(* Let $G$ be a finite group. There exists a (non-unique) map of operads $\mathcal{SM}_{\varnothing}\to\varepsilon^*\mathscr{P}$, and any such map is a levelwise $(G\times\Sigma_\bullet)$-equivalence: for every $n$ and every subgroup $\Lambda\subseteq G\times\Sigma_n$, the induced functor on $\Lambda$-fixed subcategories is an equivalence of categories.
   Context: For a set $X$, $\widetilde X$ is the chaotic category on $X$ (exactly one morphism between any two objects), applied levelwise to operads. $\mathcal{SM}_\varnothing=\widetilde{\mathbb{F}(S)}$ where $\mathbb{F}$ is the free operad functor on symmetric sequences of $G$-sets and $S=(G\times\Sigma_0)/(G\times1)\sqcup(G\times\Sigma_2)/(G\times1)$ (this is the operad $\mathcal{SM}_{\mathbf{O}(\underline{\mathrm{triv}})}$ associated to the minimal indexing system, which has no nontrivial orbits). $\mathscr{P}=\widetilde{\Sigma_\bullet}$ is the nonequivariant permutativity (Barratt–Eccles) operad, the chaotification of the associative operad $\Sigma_\bullet$ with $\Sigma_n$ acting by left multiplication, and $\varepsilon^*\mathscr{P}$ is $\mathscr{P}$ with trivial $G$-action. *)

From HB Require Import structures.
From mathcomp Require Import all_boot all_order all_fingroup.
From mathcomp Require Import gproduct.

Set Implicit Arguments.
Unset Strict Implicit.
Unset Printing Implicit Defensive.


Record category := Category {
  ob :> Type;
  hom : ob -> ob -> Type;
  idc : forall x, hom x x;
  compc : forall x y z, hom y z -> hom x y -> hom x z;
  compc_idl : forall x y (f : hom x y), compc (idc y) f = f;
  compc_idr : forall x y (f : hom x y), compc f (idc x) = f;
  compc_assoc : forall x y z w (f : hom z w) (g : hom y z) (h : hom x y),
      compc f (compc g h) = compc (compc f g) h }.
Arguments compc {c x y z}.
Arguments idc {c}.

Record functor (C D : category) := Functor {
  fobj :> C -> D;
  fmap : forall x y, hom x y -> hom (fobj x) (fobj y);
  fmap_id : forall x, fmap (idc x) = idc (fobj x);
  fmap_comp : forall x y z (f : hom y z) (g : hom x y),
      fmap (compc f g) = compc (fmap f) (fmap g) }.
Arguments fmap {C D} _ {x y}.

Definition fid (C : category) : functor C C :=
  @Functor C C (fun x => x) (fun x y f => f) (fun x => erefl) (fun x y z f g => erefl).

Definition fcomp (C D E : category) (G : functor D E) (F : functor C D)
  : functor C E.
Proof.
refine (@Functor C E (fun x => G (F x)) (fun x y f => fmap G (fmap F f)) _ _).
- by move=> x; rewrite !fmap_id.
- by move=> x y z f g; rewrite !fmap_comp.
Defined.

Definition nat_iso (C D : category) (F G : functor C D) : Prop :=
  exists (eta : forall x, hom (F x) (G x)) (inv : forall x, hom (G x) (F x)),
    [/\ forall x, compc (inv x) (eta x) = idc (F x),
        forall x, compc (eta x) (inv x) = idc (G x) &
        forall x y (f : hom x y), compc (fmap G f) (eta x) = compc (eta y) (fmap F f)].

Definition is_equivalence (C D : category) (F : functor C D) : Prop :=
  exists G : functor D C, nat_iso (fcomp G F) (fid C) /\ nat_iso (fcomp F G) (fid D).

Definition chaotic (X : Type) : category.
Proof.
refine (@Category X (fun _ _ => unit) (fun _ => tt) (fun _ _ _ _ _ => tt) _ _ _).
- by move=> x y [].
- by move=> x y [].
- by [].
Defined.

Definition chaotic_functor (X Y : Type) (f : X -> Y) : functor (chaotic X) (chaotic Y) :=
  @Functor (chaotic X) (chaotic Y) f (fun _ _ _ => tt) (fun _ => erefl) (fun _ _ _ _ _ => erefl).

(* Structure of a symmetric operad in G-sets: a right Sigma_n action, a
   G action, the unit, and the partial compositions x o_i y (plugging y
   into the input i of x). *)
Record goperad (G : finGroupType) := GOperad {
  op : nat -> Type;
  sact : forall n, op n -> 'S_n -> op n;
  gact : forall n, G -> op n -> op n;
  ounit : op 1;
  ocomp : forall n m, op n -> 'I_n -> op m -> op (n.-1 + m) }.
Arguments sact {G} _ {n}.
Arguments gact {G} _ {n}.
Arguments ocomp {G} _ {n m}.

Definition gsact (G : finGroupType) (O : goperad G) n (l : G * 'S_n) (x : op O n) :=
  gact O l.1 (sact O x (l.2)^-1%g).

Arguments gsact {G} O {n} l x.

Definition is_fixed (G : finGroupType) (O : goperad G) n
    (L : {set G * 'S_n}) (x : op O n) : Prop :=
  forall l, l \in L -> gsact O l x = x.

Arguments is_fixed {G} O {n} L x.

Definition fixed_pts (G : finGroupType) (O : goperad G) n (L : {set G * 'S_n}) :=
  {x : op O n | is_fixed O L x}.

(* The
   (G x Sigma_n)-action on morphisms and the composition on morphisms are
   forced (unique morphisms), so the Lambda-fixed subcategory of the
   chaotic category on O(n) is the chaotic category on the Lambda-fixed
   objects. *)
Definition fixed_subcat (G : finGroupType) (O : goperad G) n (L : {set G * 'S_n})
  : category := chaotic (fixed_pts O L).

(* Compatibility on
   morphisms is automatic in a chaotic target, so only the object-level
   conditions remain. *)
Record opmap (G : finGroupType) (O1 O2 : goperad G) := OpMap {
  opm : forall n, functor (chaotic (op O1 n)) (chaotic (op O2 n));
  opm_sact : forall n (x : op O1 n) s, opm n (sact O1 x s) = sact O2 (opm n x) s;
  opm_gact : forall n g (x : op O1 n), opm n (gact O1 g x) = gact O2 g (opm n x);
  opm_unit : opm 1 (ounit O1) = ounit O2;
  opm_comp : forall n m (x : op O1 n) (i : 'I_n) (y : op O1 m),
      opm (n.-1 + m) (ocomp O1 x i y) = ocomp O2 (opm n x) i (opm m y) }.

Lemma opmap_fixed (G : finGroupType) (O1 O2 : goperad G) (F : opmap O1 O2) n
   (L : {set G * 'S_n}) (x : op O1 n) :
  is_fixed O1 L x -> is_fixed O2 L (opm F n x).
Proof.
move=> fx l /fx e; rewrite /gsact -opm_sact -opm_gact.
by rewrite /gsact in e; rewrite e.
Qed.

Definition fixed_functor (G : finGroupType) (O1 O2 : goperad G) (F : opmap O1 O2) n
   (L : {set G * 'S_n}) : functor (fixed_subcat O1 L) (fixed_subcat O2 L) :=
  chaotic_functor (X := fixed_pts O1 L) (Y := fixed_pts O2 L)
    (fun x => exist _ (opm F n (proj1_sig x)) (opmap_fixed F (proj2_sig x))).

(* s in Sigma_n is read as the word s(0) s(1) ... s(n-1) (a linear order
   of the inputs).  Partial composition w o_i v substitutes the word v
   (shifted by i) for the letter i of w, shifting the letters > i of w by
   (m - 1).  Below, p is the position of the letter i in w. *)
Definition word_comp_fun n m (w : 'S_n) (i : 'I_n) (v : 'S_m) (q : nat) : nat :=
  let p := nat_of_ord ((w^-1)%g i) in
  let W := fun k : nat => if insub k is Some k' then nat_of_ord (w k') else 0 in
  let V := fun k : nat => if insub k is Some k' then nat_of_ord (v k') else 0 in
  let adj := fun a => if a < i then a else (a + m - 1)%N in
  if q < p then adj (W q)
  else if q < p + m then i + V (q - p)
  else adj (W (q + 1 - m)%N).

Definition word_comp n m (w : 'S_n) (i : 'I_n) (v : 'S_m) : 'S_(n.-1 + m) :=
  insubd (1%g : 'S_(n.-1 + m))
    ([ffun q : 'I_(n.-1 + m) => insubd q (word_comp_fun w i v q)]
       : {ffun 'I_(n.-1 + m) -> 'I_(n.-1 + m)}).

(* Sigma_n acts on Sigma_n by (the paper's) left multiplication, i.e.
   relabelling of the letters; in MathComp's convention for products of
   permutations this is t |-> t * s. *)
Definition perm_sact n (t : 'S_n) (s : 'S_n) : 'S_n := (t * s)%g.

(* eps^* P : the associative operad Sigma_bullet with trivial G-action;
   its chaotification is the Barratt-Eccles operad. *)
Definition assoc_op (G : finGroupType) : goperad G :=
  @GOperad G (fun n => 'S_n) perm_sact (fun n _ x => x) 1%g (@word_comp).

(* S has one point in arity 0 (G x Sigma_0 / G x 1) and a free Sigma_2-
   orbit in arity 2 ((G x Sigma_2)/(G x 1) = Sigma_2), with trivial G-action.
   Hence F(S)(n) = planar trees built from a nullary node (Stump) and a
   binary node, with n input leaves, together with a labelling of the leaves
   by a permutation in Sigma_n; G acts trivially. *)
Inductive tree := Leaf | Stump | Node of tree & tree.

Fixpoint leaves (t : tree) : nat :=
  match t with Leaf => 1 | Stump => 0 | Node l r => leaves l + leaves r end.

Fixpoint graft (t : tree) (p : nat) (u : tree) : tree :=
  match t with
  | Leaf => if p == 0 then u else Leaf
  | Stump => Stump
  | Node l r => if p < leaves l then Node (graft l p u) r
                else Node l (graft r (p - leaves l) u)
  end.

Fixpoint comb (k : nat) : tree :=
  match k with 0 => Stump | k'.+1 => Node Leaf (comb k') end.

Lemma leaves_comb k : leaves (comb k) = k.
Proof. by elim: k => //= k ->. Qed.

Definition ntree n := {t : tree | leaves t == n}.

Definition comb_n n : ntree n := exist _ (comb n) (introT eqP (leaves_comb n)).

Definition free_el n := (ntree n * 'S_n)%type.

Definition free_sact n (x : free_el n) (s : 'S_n) : free_el n := (x.1, (x.2 * s)%g).

Definition free_unit : free_el 1 := (exist _ Leaf (eqxx 1%N), 1%g).

Definition free_comp n m (x : free_el n) (i : 'I_n) (y : free_el m) : free_el (n.-1 + m) :=
  let p := nat_of_ord ((x.2^-1)%g i) in
  let t := graft (proj1_sig x.1) p (proj1_sig y.1) in
  (match leaves t =P n.-1 + m with
   | ReflectT e => exist _ t (introT eqP e)
   | ReflectF _ => comb_n (n.-1 + m) end,
   word_comp x.2 i y.2).

Definition free_op (G : finGroupType) : goperad G :=
  @GOperad G free_el free_sact (fun n _ x => x) free_unit free_comp.

(* SM_empty = ~F(S),  eps^*P = ~Sigma_bullet (trivial G-action) *)

(* Σ_n acts freely on itself, so a subgroup Λ of G × Σ_n has Λ-fixed points in
   Σ_•(n) only if its Σ_n-component is trivial; G acting trivially, every element
   of F(S)(n) is then Λ-fixed.  A functor between chaotic categories is an
   equivalence as soon as the source is inhabited whenever the target is.
   For non-uniqueness, the binary generator may go to the identity word or to
   the reversed word: reversal of words w ↦ w^op is an automorphism of the
   associative operad, so forgetting the tree and then reversing the word is a
   second operad map. *)
From mathcomp Require Import all_boot all_fingroup gproduct.
From mathcomp Require Import zify.

Set Implicit Arguments.
Unset Strict Implicit.
Unset Printing Implicit Defensive.

Lemma chaotic_functor_equivalence (X Y : Type) (F : functor (chaotic X) (chaotic Y)) :
  (Y -> X) -> is_equivalence F.
Proof.
move=> g; exists (chaotic_functor g).
by split; exists (fun _ => tt), (fun _ => tt); split.
Qed.

Section FixedPoints.
Variables (G : finGroupType) (n : nat) (L : {set G * 'S_n}).

Lemma assoc_fixed_perm1 (w : 'S_n) l :
  is_fixed (assoc_op G) L w -> l \in L -> l.2 = 1%g.
Proof.
move=> fix_w /fix_w; rewrite /gsact /= /perm_sact => /(congr1 (fun u => w^-1 * u)%g).
by rewrite mulgA mulVg mul1g => /(congr1 (fun u => u^-1)%g); rewrite invgK invg1.
Qed.

Lemma free_fixed_perm1 (x : free_el n) :
  (forall l, l \in L -> l.2 = 1%g) -> is_fixed (free_op G) L x.
Proof.
by move=> L1 l /L1 l2; rewrite /gsact /= /free_sact l2 invg1 mulg1; case: x.
Qed.

Definition free_fixed_of_assoc_fixed (y : fixed_pts (assoc_op G) L) :
  fixed_pts (free_op G) L :=
  exist _ (comb_n n, 1%g)
    (free_fixed_perm1 _ (fun l => assoc_fixed_perm1 (proj2_sig y))).

End FixedPoints.

Definition shift_above (m i a : nat) := if a < i then a else (a + m - 1)%N.

Definition splice (W V : nat -> nat) (m i p q : nat) : nat :=
  if q < p then shift_above m i (W q) else if q < p + m then i + V (q - p)
  else shift_above m i (W (q + 1 - m)%N).

Lemma shift_above_inj m i a b :
  a <> i -> b <> i -> shift_above m i a = shift_above m i b -> a = b.
Proof. by rewrite /shift_above; case: ifP; case: ifP; lia. Qed.

Lemma shift_above_out m i a v : a <> i -> v < m -> shift_above m i a <> i + v.
Proof. by rewrite /shift_above; case: ifP; lia. Qed.

Section Splice.
Variables (W V : nat -> nat) (n m i p : nat).
Hypotheses (lt_pn : p < n) (Wp : W p = i).
Hypotheses (W_lt : forall k, k < n -> W k < n) (V_lt : forall k, k < m -> V k < m).
Hypotheses (W_inj : forall k1 k2, k1 < n -> k2 < n -> W k1 = W k2 -> k1 = k2).
Hypotheses (V_inj : forall k1 k2, k1 < m -> k2 < m -> V k1 = V k2 -> k1 = k2).

Let outer q := if q < p then q else (q + 1 - m)%N.

Lemma splice_in q : p <= q < p + m -> splice W V m i p q = i + V (q - p).
Proof. by case/andP=> le_pq lt_q; rewrite /splice ltnNge le_pq lt_q. Qed.

Lemma splice_out q : ~~ (p <= q < p + m) ->
  splice W V m i p q = shift_above m i (W (outer q)).
Proof. by rewrite /splice /outer; case: ltnP => // ?; case: ifP => //; lia. Qed.

Let outer_ne q : q < n.-1 + m -> ~~ (p <= q < p + m) -> outer q < n /\ outer q <> p.
Proof. by rewrite /outer; case: ifP; lia. Qed.

Let W_ne k : k < n -> k <> p -> W k <> i.
Proof. by move=> lt_kn ne_kp /esym; rewrite -Wp => /W_inj; lia. Qed.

▶ _Your task_:
All lines that include the word "graft" must be copied from the material above.

▶ _Answer section_:
Fixpoint graft (t : tree) (p : nat) (u : tree) : tree :=
  | Node l r => if p < leaves l then Node (graft l p u) r
                else Node l (graft r (p - leaves l) u)
  let t := graft (proj1_sig x.1) p (proj1_sig y.1) in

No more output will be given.